Task to carry out:
In the listing that follows, the range to quote begins at the line that has "(forall y, in_Sminus S' (1 / 3" and ends after the line that has "apply: le_trans (expR_le_budget n_ge2 (prelim_budget"; quote it verbatim and add nothing.

Given information:
Lemma phase_budget (i : nat) :
  2 * lnn + i%:R * ln 2 <= 2 * (`|Num.ceil (2 ^+ i * lnn)|%N)%:R.
Proof.
have /andP[ln2_gt0 ln2_le] := ln2_le_ln.
have pow_ge : i%:R + 1 <= 2 ^+ i :> R by rewrite natr1 -natrX ler_nat ltn_expl.
have := le_abs_ceil (2 ^+ i * lnn).
have : (i%:R + 1) * lnn <= 2 ^+ i * lnn by rewrite ler_wpM2r //; lra.
have : i%:R * ln 2 <= i%:R * lnn by rewrite ler_wpM2l.
have : 0 <= i%:R * lnn by rewrite mulr_ge0 //; lra.
lra.
Qed.

Lemma prelim_budget :
  2 * lnn + 0%:R * ln 2 <= 2 * (4 * `|Num.ceil lnn|)%:R.
Proof.
have := phase_budget 0; rewrite expr0 mul1r natrM.
by have : 0 <= (`|Num.ceil lnn|%N)%:R :> R by []; lra.
Qed.

End QueryBudget.

Arguments expR_le_budget {R n} n_ge2 {t z}.
Arguments phase_budget {R n} n_ge2 i.
Arguments prelim_budget {R n}.

Lemma test_size0 (R : realType) (n : nat) (p1 p2 : R) :
  test_size n p1 p2 0 = (2 * (cq p1 * (4 * `|Num.ceil (ln (n%:R : R))|)) + 1)%N.
Proof. by rewrite /test_size eqxx; move: (cq p1) (`|Num.ceil _|%N) => c L; lia. Qed.

Lemma test_sizeS (R : realType) (n : nat) (p1 p2 : R) (i : nat) :
  test_size n p1 p2 i.+1 =
    (2 * (cq p2 * `|Num.ceil ((2 : R) ^+ i.+1 * ln (n%:R : R))|) + 1)%N.
Proof. by rewrite /test_size /=; move: (cq p2) (`|Num.ceil _|%N) => c L; lia. Qed.

Lemma sum_geometric_half_le (R : realType) (a : R) (k : nat) :
  0 <= a -> \sum_(t < k) a * 2^-1 ^+ t <= 2 * a.
Proof.
move=> a_ge0; have := @geometric_le_lim R k a 2^-1 a_ge0.
rewrite seriesEnat /= big_mkord.
have half_gt0 : 0 < 2^-1 :> R by lra.
have half_lt1 : `|2^-1| < 1 :> R by rewrite ger0_norm; lra.
move=> /(_ half_gt0 half_lt1) /le_trans; apply.
rewrite (_ : 1 - 2^-1 = 2^-1 :> R); last lra.
by rewrite invrK mulrC.
Qed.

Theorem lemma14 (R : realType) (d : Order.disp_t) (T : orderType d)
    (n : nat) (S' : seq T) (p1 p2 : R) (O1 O2 : T -> R) (x : T) :
  (2 <= n)%N ->
  uniq S' ->
  (size S')%:R = n%:R / log2 (n%:R : R) ->
  0 <= p1 -> p1 < 1 / 2 -> 0 <= p2 -> p2 < 1 / 2 ->
  (forall y, 0 <= O1 y <= 1) -> (forall y, 0 <= O2 y <= 1) ->
  (forall y, in_Sminus S' (1 / 6 : R) y -> 1 - p1 <= O1 y) ->
  (forall y, in_Splus S' (1 / 3 : R) y -> O1 y <= p1) ->
  (forall y, in_Sminus S' (1 / 3 : R) y -> 1 - p2 <= O2 y) ->
  (forall y, in_Splus S' (3 / 4 : R) y -> O2 y <= p2) ->
  in_Sminus S' (1 / 6 : R) x ->
  1 - 5 / (n%:R ^+ 2) <=
    pass_all_prob (eta_steps R n) (test_size n p1 p2)
      (fun t => if t == 0%N then O1 x else O2 x).
Proof.
move=> n_ge2 _ _ p1_ge0 p1_lt p2_ge0 p2_lt O1_01 O2_01 O1_rel _ O2_rel _ x_rel.
set prob := fun t : nat => if t == 0%N then O1 x else O2 x.
have prob01 t : 0 <= prob t <= 1 by rewrite /prob; case: ifP.
have fail_le (t : 'I_(eta_steps R n).+1) :
    fail_prob (test_size n p1 p2) prob t <= (n%:R ^+ 2)^-1 * 2^-1 ^+ val t.
  case: t => -[|i] lt_i /=.
    apply: le_trans (expR_le_budget n_ge2 (prelim_budget n_ge2)).
    by apply: (fail_prob_le_cq prob01 p1_ge0 p1_lt); [exact: O1_rel | exact: test_size0].
  have x_rel' : in_Sminus S' (1 / 3 : R) x by apply: in_Sminus_le x_rel; lra.
  apply: le_trans (expR_le_budget n_ge2 (phase_budget n_ge2 i.+1)).
  by apply: (fail_prob_le_cq prob01 p2_ge0 p2_lt); [exact: O2_rel | exact: test_sizeS].
apply: le_trans (pass_all_prob_ge_union prob01); rewrite lerD2l lerN2.
apply: (le_trans (ler_sum _ (fun t _ => fail_le t))).
have inv_sq_ge0 : 0 <= n%:R ^- 2 :> R by rewrite invr_ge0 exprn_ge0.
apply: (le_trans (sum_geometric_half_le _ _ _ inv_sq_ge0)).
by apply: ler_wpM2r => //; lra.
Qed.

Answer to this exercise:
  (forall y, in_Sminus S' (1 / 3 : R) y -> 1 - p2 <= O2 y) ->
  (forall y, in_Splus S' (3 / 4 : R) y -> O2 y <= p2) ->
  in_Sminus S' (1 / 6 : R) x ->
  1 - 5 / (n%:R ^+ 2) <=
    pass_all_prob (eta_steps R n) (test_size n p1 p2)
      (fun t => if t == 0%N then O1 x else O2 x).
Proof.
move=> n_ge2 _ _ p1_ge0 p1_lt p2_ge0 p2_lt O1_01 O2_01 O1_rel _ O2_rel _ x_rel.
set prob := fun t : nat => if t == 0%N then O1 x else O2 x.
have prob01 t : 0 <= prob t <= 1 by rewrite /prob; case: ifP.
have fail_le (t : 'I_(eta_steps R n).+1) :
    fail_prob (test_size n p1 p2) prob t <= (n%:R ^+ 2)^-1 * 2^-1 ^+ val t.
  case: t => -[|i] lt_i /=.
    apply: le_trans (expR_le_budget n_ge2 (prelim_budget n_ge2)).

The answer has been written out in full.